(Stored data entries)
=-=-=

Lemma sqr_enorm u : enorm u ^+ 2 = edot u u.
Proof. exact/sqr_sqrtr/edot_ge0. Qed.

Lemma enorm_ge0 u : 0 <= enorm u.
Proof. exact: sqrtr_ge0. Qed.

Lemma enorm_le u e : 0 <= e -> (enorm u <= e) = (edot u u <= e ^+ 2).
Proof. by move=> e0; rewrite -sqr_enorm ler_sqr // nnegrE enorm_ge0. Qed.

Lemma enorm_leE u v : (enorm u <= enorm v) = (edot u u <= edot v v).
Proof. by rewrite enorm_le ?enorm_ge0 // sqr_enorm. Qed.

Lemma edistC x y : enorm (x - y) = enorm (y - x).
Proof. by rewrite /enorm -opprB edotNl edotNr opprK. Qed.

Lemma enormZ a u : enorm (a *: u) = `|a| * enorm u.
Proof. by rewrite /enorm edotZl edotZr mulrA -expr2 sqrtrM ?sqr_ge0 // sqrtr_sqr. Qed.

Lemma edot_le_enorm u v : edot u v <= enorm u * enorm v.
Proof.
have [uv0|uv0] := leP (edot u v) 0; first by rewrite (le_trans uv0) ?mulr_ge0 ?enorm_ge0.
rewrite -ler_sqr ?nnegrE ?mulr_ge0 ?enorm_ge0 ?(ltW uv0) // exprMn !sqr_enorm.
have [v0|v0] := eqVneq v 0.
  by move: uv0; rewrite v0 edot0r ltxx.
have vv0 : 0 < edot v v by rewrite edot_gt0.
have := edot_ge0 (edot v v *: u - edot u v *: v); rewrite !edotE (edotC v u) => h.
suff : edot v v * edot u v ^+ 2 <= edot v v * (edot u u * edot v v) by rewrite (ler_pM2l vv0).
by move: h; rewrite !expr2; nra.
Qed.

Lemma ler_enormD u v : enorm (u + v) <= enorm u + enorm v.
Proof.
rewrite enorm_le ?addr_ge0 ?enorm_ge0 // !edotE (edotC v u) sqrrD !sqr_enorm.
have := edot_le_enorm u v; lra.
Qed.

Lemma ler_edistD x y w : enorm (y - x) <= enorm (y - w) + enorm (w - x).
Proof. by have := ler_enormD (y - w) (w - x); rewrite addrA subrK. Qed.

Lemma enorm_le_addr u v : 0 <= edot u v -> enorm u <= enorm (u + v).
Proof. by move=> uv0; rewrite enorm_leE !edotE (edotC v u); have := edot_ge0 v; lra. Qed.

Lemma coord_le_enorm u i : `|u ord0 i| <= enorm u.
Proof.
rewrite -ler_sqr ?nnegrE ?enorm_ge0 // real_normK ?num_real // sqr_enorm.
rewrite /edot (bigD1 i) //= -expr2 lerDl.
by apply: sumr_ge0 => j _; rewrite -expr2 sqr_ge0.
Qed.

Lemma enorm_lt_ball x y e : enorm (x - y) < e -> ball x e y.
Proof.
move=> xye; split; first exact: le_lt_trans (enorm_ge0 _) xye.
move=> i j; rewrite (ord1 i) /ball /=.
by apply: le_lt_trans xye; have := coord_le_enorm (x - y) j; rewrite !mxE.
Qed.

Lemma ball_enorm_le x y e : ball x e y -> enorm (x - y) <= Num.sqrt n%:R * e.
Proof.
move=> [e0 xye]; rewrite enorm_le ?mulr_ge0 ?sqrtr_ge0 ?(ltW e0) // exprMn sqr_sqrtr ?ler0n //.
apply: le_trans (_ : \sum_(i < n) e ^+ 2 <= _); last by rewrite sumr_const card_ord mulr_natl.
apply: ler_sum => i _; rewrite -expr2 -real_normK ?num_real // ler_sqr ?nnegrE ?(ltW e0) //.
by have := xye ord0 i; rewrite /ball /= !mxE => /ltW.
Qed.

Lemma cvg_enormP {T} (F : set_system T) {FF : Filter F} (u : T -> V) (p : V) :
  u @ F --> p <-> forall e, 0 < e -> \forall t \near F, enorm (u t - p) <= e.
Proof.
split => [/cvg_ballP up e e0 | up]; last first.
  apply/cvg_ballP => e e0; have e2 : 0 < e / 2 by lra.
  apply: filterS (up _ e2) => t ute.
  by apply: enorm_lt_ball; rewrite edistC; apply: le_lt_trans ute _; lra.
have s0 : 0 < Num.sqrt n%:R + 1 :> R by rewrite ltr_wpDl ?sqrtr_ge0.
apply: filterS (up (e / (Num.sqrt n%:R + 1)) (divr_gt0 e0 s0)) => t /ball_enorm_le.
rewrite edistC => /le_trans; apply.
by rewrite mulrA ler_pdivrMr //; have := sqrtr_ge0 (n%:R : R); nra.
Qed.

Lemma enorm_cauchy_cvgn (u : nat -> V) :
  (forall e, 0 < e -> exists N, forall k m, (N <= k)%N -> (N <= m)%N ->
     enorm (u k - u m) <= e) ->
  cvgn u.
Proof.
move=> ucauchy; apply: cauchy_cvg; apply: cauchy_exP => e e0.
have [N uN] := ucauchy (e / 2) ltac:(lra).
exists (u N); exists N => // k Nk; apply: enorm_lt_ball.
by apply: le_lt_trans (uN N k (leqnn N) Nk) _; lra.
Qed.

Lemma edot_le0_of_min w v :
  (forall t, 0 < t <= 1 -> edot w w <= edot (w - t *: v) (w - t *: v)) -> edot w v <= 0.
Proof.
move=> wmin; rewrite leNgt; apply/negP => wv0.
have vv0 : 0 < edot v v.
  by rewrite edot_gt0; apply: contraTneq wv0 => ->; rewrite edot0r ltxx.
pose t := Num.min 1 (edot w v / edot v v).
have t0 : 0 < t by rewrite lt_min ltr01 divr_gt0.
have t1 : t <= 1 by rewrite ge_min lexx.
have tvv : t * edot v v <= edot w v by rewrite -ler_pdivlMr // ge_min lexx orbT.
have := wmin t; rewrite t0 t1 => /(_ isT); rewrite !edotE (edotC v w) => tmin.
have : 0 <= t * (t * edot v v - 2 * edot w v) by nra.
by rewrite pmulr_rge0 //; lra.
Qed.

End Euclidean.

Section Projection.
Context {R : realType} {n : nat}.
Local Notation V := 'rV[R]_n.
Context {Z : set V}.
Hypotheses (Z0 : Z !=set0) (Zcl : closed Z) (Zcvx : econvex Z).

Lemma sqr_edist_le_min_excess {z : V} {d a b} :
  (forall y, Z y -> d <= enorm (z - y)) -> 0 <= d -> Z a -> Z b ->
  edot (a - b) (a - b) <=
    2 * (edot (z - a) (z - a) - d ^+ 2) + 2 * (edot (z - b) (z - b) - d ^+ 2).
Proof.
move=> dmin d0 Za Zb.
have half : 0 <= (2^-1 : R) <= 1 by apply/andP; split; lra.
have := dmin _ (Zcvx _ _ _ Za Zb half).
rewrite -ler_sqr ?nnegrE ?enorm_ge0 // sqr_enorm.
have -> : z - (2^-1 *: a + (1 - 2^-1) *: b) = 2^-1 *: ((z - a) + (z - b)).
  by apply/rowP => i; rewrite !mxE; field.
have -> : a - b = (z - b) - (z - a) by apply/rowP => i; rewrite !mxE; ring.
by move: (z - a) (z - b) => p q; rewrite !edotE (edotC q p); lra.
Qed.

Lemma minimizing_seq_limit {z : V} {d} {y : nat -> V} :
  (forall w, Z w -> d <= enorm (z - w)) -> 0 <= d ->
  (forall k, Z (y k) /\ enorm (z - y k) <= d + k.+1%:R^-1) ->
  exists p, Z p /\ enorm (z - p) <= d.
Proof.
(* Naming 1/(k+1) once keeps its occurrences syntactically equal for [lra]. *)
move=> dmin d0; pose eps k : R := k.+1%:R^-1.
move=> ynear; have {}ynear k : Z (y k) /\ enorm (z - y k) <= d + eps k := ynear k.
have [p yp] : exists p : V, y @ \oo --> p.
  apply/cvg_ex/enorm_cauchy_cvgn => e e0.
  have [eta eta0 eta_e] : exists2 eta, 0 < eta & 4 * ((2 * d + 1) * eta) = e ^+ 2.
    by exists (e ^+ 2 / (8 * d + 4)); [rewrite divr_gt0 ?exprn_gt0 //; lra | field; lra].
  have [N _ yN] := near_infty_natSinv_lt (PosNum eta0).
  have gap k : (N <= k)%N -> edot (z - y k) (z - y k) - d ^+ 2 <= (2 * d + 1) * eta.
    move=> Nk; have ak : eps k < eta := yN k Nk.
    have ak1 : eps k <= 1 by rewrite invf_le1 ?ler1n ?ltr0Sn.
    have ak0 : 0 <= eps k by rewrite invr_ge0 ler0n.
    have yk2 : enorm (z - y k) ^+ 2 <= (d + eps k) ^+ 2.
      by rewrite ler_sqr ?nnegrE ?enorm_ge0 ?addr_ge0 ?(ynear k).2.
    have a2 : eps k * eps k <= eps k := ler_piMl ak0 ak1.
    have aeta : (2 * d + 1) * eps k <= (2 * d + 1) * eta.
      by rewrite ler_wpM2l ?(ltW ak) //; lra.
    by rewrite -sqr_enorm; lra.
  exists N => k m Nk Nm; rewrite enorm_le ?(ltW e0) //.
  apply: le_trans (sqr_edist_le_min_excess dmin d0 (ynear k).1 (ynear m).1) _.
  by have := gap k Nk; have := gap m Nm; lra.
exists p; split.
  by apply: closed_cvg yp => //; apply: nearW => k; exact: (ynear k).1.
apply/ler_addgt0Pr => e e0; have e2 : 0 < e / 2 by lra.
have [N1 _ yN1] := near_infty_natSinv_lt (PosNum e2).
have /cvg_enormP /(_ _ e2) [N2 _ yN2] := yp.
move: (maxn N1 N2) (leq_maxl N1 N2) (leq_maxr N1 N2) => k kN1 kN2.
have k1 : eps k < e / 2 := yN1 k kN1.
have k2 : enorm (y k - p) <= e / 2 := yN2 k kN2.
by have := ler_edistD p z (y k); have := (ynear k).2; lra.
Qed.

Lemma eproj_min_exists (z : V) :
  exists p, Z p /\ forall y, Z y -> enorm (z - p) <= enorm (z - y).
Proof.
have [y0 Zy0] := Z0.
pose S := [set enorm (z - y) | y in Z].
have S_inf : has_inf S.
  by split; [exists (enorm (z - y0)), y0 | exists 0 => _ [y _ <-]; exact: enorm_ge0].
have dmin y : Z y -> inf S <= enorm (z - y) by move=> Zy; apply: (ge_inf S_inf.2); exists y.
have d0 : 0 <= inf S by apply: (lb_le_inf S_inf.1) => _ [y _ <-]; exact: enorm_ge0.
have yk_ex k : exists yk, Z yk /\ enorm (z - yk) <= inf S + k.+1%:R^-1.
  have k0 : 0 < k.+1%:R^-1 :> R by rewrite invr_gt0.
  by have [_ [yk Zyk <-] /ltW ltyk] := inf_adherent k0 S_inf; exists yk.
have [y ynear] := choice yk_ex.
have [p [Zp pmin]] := minimizing_seq_limit dmin d0 ynear.
by exists p; split => // w /dmin; apply: le_trans.
Qed.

=-=-=

**EXERCISE OBJECTIVE**
Return, line for line and unchanged, the data from its first line through the line containing "Lemma ball_enorm_le x".

**FINISHED EXERCISE**
Lemma sqr_enorm u : enorm u ^+ 2 = edot u u.
Proof. exact/sqr_sqrtr/edot_ge0. Qed.

Lemma enorm_ge0 u : 0 <= enorm u.
Proof. exact: sqrtr_ge0. Qed.

Lemma enorm_le u e : 0 <= e -> (enorm u <= e) = (edot u u <= e ^+ 2).
Proof. by move=> e0; rewrite -sqr_enorm ler_sqr // nnegrE enorm_ge0. Qed.

Lemma enorm_leE u v : (enorm u <= enorm v) = (edot u u <= edot v v).
Proof. by rewrite enorm_le ?enorm_ge0 // sqr_enorm. Qed.

Lemma edistC x y : enorm (x - y) = enorm (y - x).
Proof. by rewrite /enorm -opprB edotNl edotNr opprK. Qed.

Lemma enormZ a u : enorm (a *: u) = `|a| * enorm u.
Proof. by rewrite /enorm edotZl edotZr mulrA -expr2 sqrtrM ?sqr_ge0 // sqrtr_sqr. Qed.

Lemma edot_le_enorm u v : edot u v <= enorm u * enorm v.
Proof.
have [uv0|uv0] := leP (edot u v) 0; first by rewrite (le_trans uv0) ?mulr_ge0 ?enorm_ge0.
rewrite -ler_sqr ?nnegrE ?mulr_ge0 ?enorm_ge0 ?(ltW uv0) // exprMn !sqr_enorm.
have [v0|v0] := eqVneq v 0.
  by move: uv0; rewrite v0 edot0r ltxx.
have vv0 : 0 < edot v v by rewrite edot_gt0.
have := edot_ge0 (edot v v *: u - edot u v *: v); rewrite !edotE (edotC v u) => h.
suff : edot v v * edot u v ^+ 2 <= edot v v * (edot u u * edot v v) by rewrite (ler_pM2l vv0).
by move: h; rewrite !expr2; nra.
Qed.

Lemma ler_enormD u v : enorm (u + v) <= enorm u + enorm v.
Proof.
rewrite enorm_le ?addr_ge0 ?enorm_ge0 // !edotE (edotC v u) sqrrD !sqr_enorm.
have := edot_le_enorm u v; lra.
Qed.

Lemma ler_edistD x y w : enorm (y - x) <= enorm (y - w) + enorm (w - x).
Proof. by have := ler_enormD (y - w) (w - x); rewrite addrA subrK. Qed.

Lemma enorm_le_addr u v : 0 <= edot u v -> enorm u <= enorm (u + v).
Proof. by move=> uv0; rewrite enorm_leE !edotE (edotC v u); have := edot_ge0 v; lra. Qed.

Lemma coord_le_enorm u i : `|u ord0 i| <= enorm u.
Proof.
rewrite -ler_sqr ?nnegrE ?enorm_ge0 // real_normK ?num_real // sqr_enorm.
rewrite /edot (bigD1 i) //= -expr2 lerDl.
by apply: sumr_ge0 => j _; rewrite -expr2 sqr_ge0.
Qed.

Lemma enorm_lt_ball x y e : enorm (x - y) < e -> ball x e y.
Proof.
move=> xye; split; first exact: le_lt_trans (enorm_ge0 _) xye.
move=> i j; rewrite (ord1 i) /ball /=.
by apply: le_lt_trans xye; have := coord_le_enorm (x - y) j; rewrite !mxE.
Qed.

Lemma ball_enorm_le x y e : ball x e y -> enorm (x - y) <= Num.sqrt n%:R * e.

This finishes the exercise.